# Incremental Ingestion Without Timestamp (Hash-Based CDC)

This notebook demonstrates CDC-style incremental ingestion from CSV files **without a timestamp column** using a **row hash comparison** approach.

## How It Works

1. **Load** source CSV files
2. **Generate** a hash for each row based on all columns
3. **Compare** with previously processed hashes stored in metadata
4. **Identify** new and changed records
5. **Write** incremental records to destination
6. **Update** the hash registry for next run

## Prerequisites

- CSV files (without timestamp) uploaded to `/data/source/`
- Storage account configured with Synapse workspace

## Configuration

Update the storage account name below to match your deployment.

In [None]:
# ============================================================================
# CONFIGURATION - Update these values for your environment
# ============================================================================

# Storage account name (from deployment output)
STORAGE_ACCOUNT = "<your-storage-account-name>"

# Container name
CONTAINER = "data"

# Paths
BASE_PATH = f"abfss://{CONTAINER}@{STORAGE_ACCOUNT}.dfs.core.windows.net"
SOURCE_PATH = f"{BASE_PATH}/source/"
DESTINATION_PATH = f"{BASE_PATH}/destination/without_timestamp/"
METADATA_PATH = f"{BASE_PATH}/metadata/"

# Hash registry file (stores previously processed record hashes)
HASH_REGISTRY_FILE = f"{METADATA_PATH}hash_registry/"

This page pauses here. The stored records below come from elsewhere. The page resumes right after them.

(* Let $f$ be a nonzero polynomial whose multiset of reproducible zeros equals its full zero multiset, $R(f)=Z(f)$, and write $$R(f)=Z(f)=\{\underbrace{\beta_1,\dots,\beta_1}_{r_1},\dots,\underbrace{\beta_n,\dots,\beta_n}_{r_n}\}$$ with $\beta_1,\dots,\beta_n$ distinct. Then $$[f]=\Big(\operatorname{span}\big\{k_{\beta_j}^{(\ell)}:0\le\ell\le r_j-1,\ 1\le j\le n\big\}\Big)^{\perp}.$$
   Context: Standing assumptions: $\Omega\subset\mathbb C$ is a domain with $0\in\Omega$, $\mathcal H$ is a Hilbert space of analytic functions on $\Omega$ with bounded point evaluations at points of $\Omega$, the shift $(Sf)(z)=zf(z)$ is bounded on $\mathcal H$, and the polynomials $\mathcal P$ are dense in $\mathcal H$. For $g\in\mathcal H$, $[g]$ is the closure in $\mathcal H$ of $\operatorname{span}\{z^kg:k\ge0\}$. A point $\beta\in\mathbb C$ is reproducible of order $m\ge0$ if $p\mapsto p^{(m)}(\beta)$ on $\mathcal P$ extends to a bounded linear functional on $\mathcal H$; $k_\beta^{(m)}\in\mathcal H$ denotes the element representing this functional, $\langle g,k_\beta^{(m)}\rangle=g^{(m)}(\beta)$ (the value of the extension). $\beta$ is a reproducible point if reproducible of order $0$; reproducibility of order $m$ implies that of all orders $j\le m$; $\operatorname{ro}(\beta)\in\{0,1,\dots\}\cup\{\infty\}$ is the supremum of the orders of reproducibility. For a nonzero polynomial $p$: $Z(p)$ is its zero multiset (each zero listed with its multiplicity), and $R(p)$ is its multiset of reproducible zeros: each reproducible point $\beta$ at which $p$ has a zero of order $m\ge1$ is listed $\min\{m,\operatorname{ro}(\beta)+1\}$ times, and non-reproducible zeros are omitted. *)

From HB Require Import structures.
From mathcomp Require Import all_boot all_order all_algebra.
From mathcomp Require Import complex.
From mathcomp Require Import boolp classical_sets reals.
Set Implicit Arguments. Unset Strict Implicit. Unset Printing Implicit Defensive.
Import Order.TTheory GRing.Theory Num.Theory.
Local Open Scope ring_scope.

Section AHS.
Variable R : realType.
Local Notation C := (R[i]).

Definition openC (A : set C) : Prop :=
  forall z, A z -> exists2 r : C, 0 < r & forall w, `|w - z| < r -> A w.
Lemma layer_lipschitz (W1 : 'M[R]_(m, n)) (W2 : 'M[R]_m) (c : R) p q :
  0 <= c -> (forall v, enorm (W2 *m v) <= c * Num.sqrt m%:R * enorm v) ->
  pair_dist (layer W1 W2 y lam p) (layer W1 W2 y lam q)
    <= (2 * c + 1) * pair_dist p q.
Proof.
move=> c0 W2_le.
have sqrtm_gt0 : 0 < Num.sqrt (m%:R : R) by rewrite sqrtr_gt0 ltr0n.
set x := xlayer W1 W2 y; set P := x p.1 p.2 + p.2; set Q := x q.1 q.2 + q.2.
have dz_le : enorm (p.1 - q.1) <= pair_dist p q by rewrite le_max lexx.
have du_le : enorm (p.2 - q.2) <= pair_dist p q by rewrite le_max lexx orbT.
have dx : x p.1 p.2 - x q.1 q.2 =
    (Num.sqrt m%:R)^-1 *: (W2 *m ((p.1 - q.1) - (p.2 - q.2))).
  rewrite /x /xlayer opprD addrACA subrr add0r -scalerBr -mulmxBr.
  by rewrite opprD addrACA -opprD.
have dx_le : enorm (x p.1 p.2 - x q.1 q.2) <= 2 * c * pair_dist p q.
  rewrite dx enormZ ger0_norm ?invr_ge0 ?sqrtr_ge0 // ler_pdivrMl //.
  apply: le_trans (W2_le _) _.
  rewrite [c * _]mulrC -!mulrA ler_pM2l // mulrCA; apply: ler_wpM2l => //.
  by apply: le_trans (enormD _ _) _; rewrite enormN; lra.
have dP_le : enorm (P - Q) <= (2 * c + 1) * pair_dist p q.
  rewrite opprD addrACA mulrDl mul1r; apply: le_trans (enormD _ _) _.
  exact: lerD.
rewrite {1}/pair_dist /layer /= -/x -/P -/Q.
have -> : p.2 + x p.1 p.2 = P by rewrite addrC.
have -> : q.2 + x q.1 q.2 = Q by rewrite addrC.
rewrite opprD addrACA -opprD ge_max.
by rewrite !(le_trans _ dP_le) ?enorm_sigmav_lipschitz ?enorm_subr_sigmav_lipschitz.
Qed.

Lemma run_from_lipschitz (W1 : nat -> 'M[R]_(m, n)) (W2 : nat -> 'M[R]_m)
    (c : R) k :
  0 <= c -> forall l p q,
  (forall j, (l < j <= l + k)%N ->
     forall v, enorm (W2 j *m v) <= c * Num.sqrt m%:R * enorm v) ->
  pair_dist (run_from W1 W2 y lam l k p) (run_from W1 W2 y lam l k q)
    <= (2 * c + 1) ^+ k * pair_dist p q.
Proof.
move=> c0; elim: k => [|k IHk] l p q W2_le /=; first by rewrite expr0 mul1r.
apply: le_trans (IHk _ _ _ _) _.
  by move=> j jk; apply: W2_le; lia.
rewrite exprSr -mulrA ler_wpM2l ?exprn_ge0 ?addr_ge0 ?mulr_ge0 //.
by apply: layer_lipschitz => //; apply: W2_le; lia.
Qed.

Lemma f_from_z_lipschitz L (W1 : nat -> 'M[R]_(m, n)) (W2 : nat -> 'M[R]_m)
    z0 u0 s l (c : R) (a b : 'cV[R]_m) :
  0 <= c ->
  (forall j, (1 <= j <= L)%N ->
     forall v, enorm (W2 j *m v) <= c * Num.sqrt m%:R * enorm v) ->
  `|f_from_z L W1 W2 y lam z0 u0 s l a - f_from_z L W1 W2 y lam z0 u0 s l b|
    <= (Num.sqrt m%:R)^-1 * (2 * c + 1) ^+ (L - l) * enorm (a - b).
Proof.
move=> c0 W2_le; rewrite /f_from_z /=.
set w := _ + xlayer _ _ _ _ _.
have W2_le' j : (l < j <= l + (L - l))%N ->
    forall v, enorm (W2 j *m v) <= c * Num.sqrt m%:R * enorm v.
  by move=> lj; apply: W2_le; lia.
have := run_from_lipschitz W1 c0 (a, w - a) (b, w - b) W2_le'.
set pa := run_from _ _ _ _ _ _ _; set pb := run_from _ _ _ _ _ _ _.
have -> : pair_dist (a, w - a) (b, w - b) = enorm (a - b).
  rewrite /pair_dist /=.
  have -> : w - a - (w - b) = - (a - b) by rewrite opprB addrC addrA subrK opprB.
  by rewrite enormN maxxx.
move=> run_le.
rewrite !mxE -mulrBr normrM ger0_norm ?invr_ge0 ?sqrtr_ge0 // -mulrA.
rewrite ler_wpM2l ?invr_ge0 ?sqrtr_ge0 //; apply: le_trans run_le.
have := ler_coord_enorm (pa.1 - pb.1) s; rewrite !mxE => /le_trans; apply.
by rewrite le_max lexx.
Qed.

End LayerLipschitz.

Section GradientBound.
Variables (R : realType) (m : nat).

Lemma norm_derive_le_lipschitz (f : 'cV[R]_m -> R) (a v : 'cV[R]_m) (K : R) :
  differentiable f a -> (forall w, `|f w - f a| <= K * enorm (w - a)) ->
  `|'D_v f a| <= K * enorm v.
Proof.
move=> df f_lip.
have quot_cvg : (fun h : R => h^-1 *: ((f \o shift a) (h *: v) - f a)) @ 0^'
    --> 'D_v f a := diff_derivable (v := v) df.
have quot_le : \forall h \near 0^',
    `|h^-1 *: ((f \o shift a) (h *: v) - f a)| <= K * enorm v.
  near=> h.
  have h_neq0 : h != 0 by near: h; exact: nbhs_dnbhs_neq.
  rewrite /= normrZ normfV ler_pdivrMl ?normr_gt0 // mulrCA -enormZ.
  by have := f_lip (h *: v + a); rewrite addrK.
rewrite ler_norml; apply/andP; split.
  apply: (closed_cvg _ (@closed_ge _ _) _ _ quot_cvg).
  by apply: filterS quot_le => h; rewrite ler_norml => /andP[].
apply: (closed_cvg _ (@closed_le _ _) _ _ quot_cvg).
by apply: filterS quot_le => h; rewrite ler_norml => /andP[].
Unshelve. all: by end_near.
Qed.

(* The gradient b is the direction in which 'D_b f a = |b|^2, so the
   Lipschitz bound |'D_b f a| <= K |b| gives |b| <= K. *)
Lemma enorm_gradient_le (f : 'cV[R]_m -> R) (a : 'cV[R]_m) (K : R) :
  0 <= K -> differentiable f a ->
  (forall w, `|f w - f a| <= K * enorm (w - a)) ->
  enorm (\col_j 'D_(delta_mx j ord0 : 'cV[R]_m) f a) <= K.
Proof.
move=> K0 df f_lip; set b := \col_j _.
have Db : 'D_b f a = enorm b ^+ 2.
  rewrite enormE sqr_sqrtr ?sumr_ge0 // => [|i _]; last exact: sqr_ge0.
  rewrite deriveE // {1}(matrix_sum_delta b) linear_sum /=.
  apply: eq_bigr => i _; rewrite big_ord1 linearZ /= expr2; congr (_ * _).
  by rewrite mxE deriveE.
have := norm_derive_le_lipschitz b df f_lip.
rewrite Db ger0_norm ?sqr_ge0 // expr2.
have [->|b_neq0] := eqVneq (enorm b) 0; first by [].
by rewrite ler_pM2r // lt_def b_neq0 enorm_ge0.
Qed.

End GradientBound.

Section Differentiability.
Variables (R : realType) (n m : nat) (lam : R) (y : 'cV[R]_n).

Definition coordwise_differentiable (G : 'cV[R]_m -> 'cV[R]_m * 'cV[R]_m)
    (a : 'cV[R]_m) :=
  forall i j, differentiable (fun x => (G x).1 i j) a /\
              differentiable (fun x => (G x).2 i j) a.
(* Let $k$ be a field of characteristic zero, $n\ge1$, $S=k[x_1,\ldots,x_n]$, and $(S,L)$ a triangularizable Lie–Rinehart algebra with basis $\alpha_1,\ldots,\alpha_n$ and enveloping algebra $U$. If $p>0$ and $u\in F_pU$ satisfy $d^0(u)\equiv0\pmod{F_{p-2}\mathcal{X}^1}$, then $u\in F_{p-1}U$.
   Context: Triangularizable: $L\subseteq\operatorname{Der}(S)$ is an $S$-submodule and Lie subalgebra which is a free $S$-module with basis of derivations $\alpha_1,\ldots,\alpha_n$ such that $\alpha_i(x_j)=0$ for $i>j$ and $\alpha_1(x_1)\cdots\alpha_n(x_n)\ne0$. $U$ is the universal enveloping algebra of the Lie–Rinehart algebra $(S,L)$, in which $[\alpha,s]=\alpha(s)$ for $\alpha\in L$, $s\in S$. For $I=(i_n,\ldots,i_1)\in\mathbb{N}^n$, $\alpha^I=\alpha_n^{i_n}\cdots\alpha_1^{i_1}$ and $|I|=\sum i_m$; these form a left $S$-basis of $U$, and $F_pU$ is the $S$-span of $\alpha^I$ with $|I|\le p$ ($F_pU=0$ for $p<0$). With $W=\operatorname{span}_k(x_1,\ldots,x_n)$ and dual basis $\hat x_1,\ldots,\hat x_n$, $\mathcal{X}^1=U\otimes_k W^*$, with elements $\sum_k u_k\hat x_k$; $d^0:U\to\mathcal{X}^1$ is $d^0(u)=\sum_{k=1}^n[u,x_k]\hat x_k$; and $F_p\mathcal{X}^1$ is the $k$-span of $f\alpha^I\hat x_k$ with $f\in S$, $|I|\le p$. *)

From HB Require Import structures.
From mathcomp Require Import all_boot all_order all_algebra.
From mathcomp Require Import mpoly.
Set Implicit Arguments. Unset Strict Implicit. Unset Printing Implicit Defensive.
Import Order.TTheory GRing.Theory Num.Theory.
Local Open Scope ring_scope.

(* S = k[x_1,...,x_n] is {mpoly k[n]}; x_j is 'X_j (indices 0..n-1). *)

Definition isDer (k : fieldType) (n : nat) (D : {mpoly k[n]} -> {mpoly k[n]}) : Prop :=
  [/\ forall a b, D (a + b) = D a + D b,
      forall (c : k) a, D (c *: a) = c *: D a
    & forall a b, D (a * b) = a * D b + D a * b].

Definition bracket (k : fieldType) (n : nat) (D E : {mpoly k[n]} -> {mpoly k[n]}) :=
  fun s => D (E s) - E (D s).

Definition inL (k : fieldType) (n : nat) (alpha : 'I_n -> {mpoly k[n]} -> {mpoly k[n]})
  (D : {mpoly k[n]} -> {mpoly k[n]}) : Prop :=
  exists c : 'I_n -> {mpoly k[n]}, forall s, D s = \sum_(i < n) c i * alpha i s.

Definition triangularizable (k : fieldType) (n : nat)
  (alpha : 'I_n -> {mpoly k[n]} -> {mpoly k[n]}) : Prop :=
  [/\ forall i, isDer (alpha i),
      (* alpha is S-linearly independent, i.e. a basis of the free S-module L *)
      forall c : 'I_n -> {mpoly k[n]},
        (forall s, \sum_(i < n) c i * alpha i s = 0) -> forall i, c i = 0,
      forall i j, inL alpha (bracket (alpha i) (alpha j)),
      forall i j : 'I_n, (j < i)%N -> alpha i 'X_j = 0
    & \prod_(i < n) alpha i 'X_i != 0].

Definition LR_relations (k : fieldType) (n : nat)
  (alpha : 'I_n -> {mpoly k[n]} -> {mpoly k[n]}) (A : pzRingType)
  (fS : {mpoly k[n]} -> A) (fL : ({mpoly k[n]} -> {mpoly k[n]}) -> A) : Prop :=
  [/\ forall D E, inL alpha D -> inL alpha E ->
        fL (fun s => D s + E s) = fL D + fL E,
      forall (f : {mpoly k[n]}) D, inL alpha D ->
        fL (fun s => f * D s) = fS f * fL D,
      forall D E, inL alpha D -> inL alpha E ->
        fL (bracket D E) = fL D * fL E - fL E * fL D
    & forall D (s : {mpoly k[n]}), inL alpha D ->
        fL D * fS s - fS s * fL D = fS (D s)].

Definition is_LR_envelope (k : fieldType) (n : nat)
  (alpha : 'I_n -> {mpoly k[n]} -> {mpoly k[n]}) (U : pzRingType)
  (iS : {rmorphism {mpoly k[n]} -> U}) (iL : ({mpoly k[n]} -> {mpoly k[n]}) -> U) : Prop :=
  LR_relations alpha iS iL /\
  forall (A : pzRingType) (fS : {rmorphism {mpoly k[n]} -> A})
         (fL : ({mpoly k[n]} -> {mpoly k[n]}) -> A),
    LR_relations alpha fS fL ->
    (exists Phi : {rmorphism U -> A},
        (forall s, Phi (iS s) = fS s) /\
        (forall D, inL alpha D -> Phi (iL D) = fL D)) /\
    (forall Phi1 Phi2 : {rmorphism U -> A},
        (forall s, Phi1 (iS s) = Phi2 (iS s)) ->
        (forall D, inL alpha D -> Phi1 (iL D) = Phi2 (iL D)) ->
        forall u, Phi1 u = Phi2 u).

(* alpha^I = alpha_n^{i_n} ... alpha_1^{i_1} in U, for a multi-index I. *)
Definition alpha_mon (k : fieldType) (n : nat)
  (alpha : 'I_n -> {mpoly k[n]} -> {mpoly k[n]}) (U : pzRingType)
  (iL : ({mpoly k[n]} -> {mpoly k[n]}) -> U) (I : 'I_n -> nat) : U :=
  \prod_(i < n) iL (alpha (rev_ord i)) ^+ I (rev_ord i).

(* u in F_p U: u is a left S-combination of alpha^I with |I| <= p;
   F_p U = 0 for p < 0. (Multi-indices with |I| <= p have entries <= p.) *)
Definition inF (k : fieldType) (n : nat)
  (alpha : 'I_n -> {mpoly k[n]} -> {mpoly k[n]}) (U : pzRingType)
  (iS : {rmorphism {mpoly k[n]} -> U}) (iL : ({mpoly k[n]} -> {mpoly k[n]}) -> U)
  (p : int) (u : U) : Prop :=
  match p with
  | Posz m => exists f : {ffun 'I_n -> 'I_m.+1} -> {mpoly k[n]},
      u = \sum_(I : {ffun 'I_n -> 'I_m.+1} | (\sum_(i < n) (I i : nat) <= m)%N)
            iS (f I) * alpha_mon alpha iL (fun i => (I i : nat))
  | Negz _ => u = 0
  end.

(* X^1 = U (x) W^*, an element sum_k u_k xhat_k is the family (u_k)_k. *)
Definition d0 (k : fieldType) (n : nat) (U : pzRingType)
  (iS : {rmorphism {mpoly k[n]} -> U}) (u : U) : 'I_n -> U :=
  fun j => u * iS 'X_j - iS 'X_j * u.

(* F_p X^1 = k-span of f alpha^I xhat_k, |I| <= p, i.e. sum_k F_pU xhat_k. *)
Definition inFX (k : fieldType) (n : nat)
  (alpha : 'I_n -> {mpoly k[n]} -> {mpoly k[n]}) (U : pzRingType)
  (iS : {rmorphism {mpoly k[n]} -> U}) (iL : ({mpoly k[n]} -> {mpoly k[n]}) -> U)
  (p : int) (w : 'I_n -> U) : Prop :=
  forall j, inF alpha iS iL p (w j).

From HB Require Import structures.
From mathcomp Require Import all_boot all_order all_algebra.
From mathcomp Require Import mpoly.
From mathcomp Require Import boolp.
From mathcomp Require Import zify.
Import Order.TTheory GRing.Theory Num.Theory.
Set Implicit Arguments. Unset Strict Implicit. Unset Printing Implicit Defensive.
Local Open Scope ring_scope.

(** Write [ad_j T = T x_j - x_j T] in [U].  Since [ad_j] kills [S] and maps
  [alpha_i] to [alpha_i(x_j)] in [S], any [p + 1]-fold iterated commutator
  [ad_{j_1} ... ad_{j_{p+1}}] kills [F_p U]; so [d^0(u) in F_{p-2}] implies that
  every [p]-fold iterated commutator of [u] vanishes.  On a monomial [alpha^w]
  of degree [p] such a commutator lies in [S] and equals [ad_coef w js], a sum
  over the ways of pairing the letters of [w] with the [j]'s.  Triangularity
  forces [ad_coef w js = 0] unless [weight w <= weight js], and for equal
  weights [ad_coef w js] is nonzero only if [w] is a permutation of [js], in
  which case it is a product of factorials times [prod_j alpha_j(x_j)], nonzero
  in characteristic zero.  Applying the commutators indexed by a top-degree
  monomial of minimal weight with a nonzero coefficient therefore isolates that
  coefficient, which must vanish.  Injectivity of [S -> U] comes from the
  action of [U] on [S] by additive endomorphisms. *)

Fixpoint picks (T : Type) (w : seq T) : seq (T * seq T) :=
  if w is i :: t then (i, t) :: [seq (y.1, i :: y.2) | y <- picks t] else [::].

Lemma picks_perm (T : eqType) (w : seq T) y :
  y \in picks w -> perm_eq w (y.1 :: y.2).
Proof.
elim: w y => [|i t IH] y //=; rewrite inE => /orP[/eqP -> //|].
case/mapP => z /IH /permP hz -> /=; apply/permP => P /=.
by rewrite hz /= addnCA.
Qed.

Lemma picks_size (T : eqType) (w : seq T) y :
  y \in picks w -> size w = (size y.2).+1.
Proof. by move/picks_perm/perm_size. Qed.

Lemma map_fst_picks (T : Type) (w : seq T) : map fst (picks w) = w.
Proof. by elim: w => //= i t IH; rewrite -map_comp; congr (_ :: _). Qed.

Lemma sumr_neq0_seq (V : nmodType) (I : eqType) (r : seq I) (F : I -> V) :
  \sum_(i <- r) F i != 0 -> exists2 i, i \in r & F i != 0.
Proof.
move=> nz; apply/hasP; apply: contraNT nz => /hasPn F0.
by rewrite big1_seq // => i /F0 /negPn /eqP.
Qed.

Definition weight n (w : seq 'I_n) : nat := \sum_(i <- w) i.

Lemma weight_cons n (j : 'I_n) js : weight (j :: js) = (j + weight js)%N.
Proof. exact: big_cons. Qed.

Lemma picks_weight n (w : seq 'I_n) y :
  y \in picks w -> weight w = (y.1 + weight y.2)%N.
Proof. by move/picks_perm => hp; rewrite /weight (perm_big _ hp) big_cons. Qed.

Definition mult_fact n (js : seq 'I_n) : nat := \prod_(i < n) (count_mem i js)`!.

Lemma mult_fact_cons n (j : 'I_n) js :
  mult_fact (j :: js) = ((count_mem j js).+1 * mult_fact js)%N.
Proof.
rewrite /mult_fact (bigD1 j) //= [in RHS](bigD1 j) //= eqxx add1n factS mulnA.
by congr (_ * _)%N; apply: eq_bigr => i; rewrite eq_sym => /negbTE ->.
Qed.

Lemma mult_fact_gt0 n (js : seq 'I_n) : (0 < mult_fact js)%N.
Proof. by rewrite /mult_fact prodn_gt0 // => i; rewrite fact_gt0. Qed.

# Source file pattern (files without timestamp column)
SOURCE_FILE_PATTERN = "products_no_ts*.csv"

# Primary key column for identifying records
PRIMARY_KEY_COLUMN = "product_id"

print(f"Source Path: {SOURCE_PATH}")
print(f"Destination Path: {DESTINATION_PATH}")
print(f"Metadata Path: {METADATA_PATH}")

## Step 1: Load Source Data

Read all CSV files from the source folder.

In [None]:
from pyspark.sql import SparkSession
from pyspark.sql.functions import (
    col, concat_ws, md5, lit, current_timestamp,
    when, coalesce
)
from pyspark.sql.types import StringType
from datetime import datetime

# Initialize Spark session (already available in Synapse)
spark = SparkSession.builder.getOrCreate()

# Load source CSV files
source_file_path = f"{SOURCE_PATH}{SOURCE_FILE_PATTERN}"
print(f"Loading source files from: {source_file_path}")

try:
    # Read CSV files with header
    source_df = spark.read \
        .option("header", "true") \
        .option("inferSchema", "true") \
        .csv(source_file_path)
    
    total_records = source_df.count()
    print(f"\nTotal records in source: {total_records}")
    print(f"\nSource Schema:")
    source_df.printSchema()
    print(f"\nSample source data:")
    source_df.show(5, truncate=False)
    
except Exception as e:
    print(f"Error loading source files: {str(e)}")
    print("Make sure CSV files are uploaded to the source folder.")
    raise

## Step 2: Generate Row Hashes

Create a unique hash for each row based on all column values. This hash will be used to detect changes.

In [None]:
def generate_row_hash(df, exclude_columns=None):
    """
    Generate MD5 hash for each row based on all columns (except excluded ones).
    """
    if exclude_columns is None:
        exclude_columns = []
    
    # Get columns to hash (exclude specified columns)
    hash_columns = [c for c in df.columns if c not in exclude_columns]
    
    # Convert all columns to string and concatenate
    # Use coalesce to handle nulls
    concat_expr = concat_ws(
        "|",
        *[coalesce(col(c).cast(StringType()), lit("NULL")) for c in hash_columns]
    )
    
    # Generate MD5 hash
    return df.withColumn("_row_hash", md5(concat_expr))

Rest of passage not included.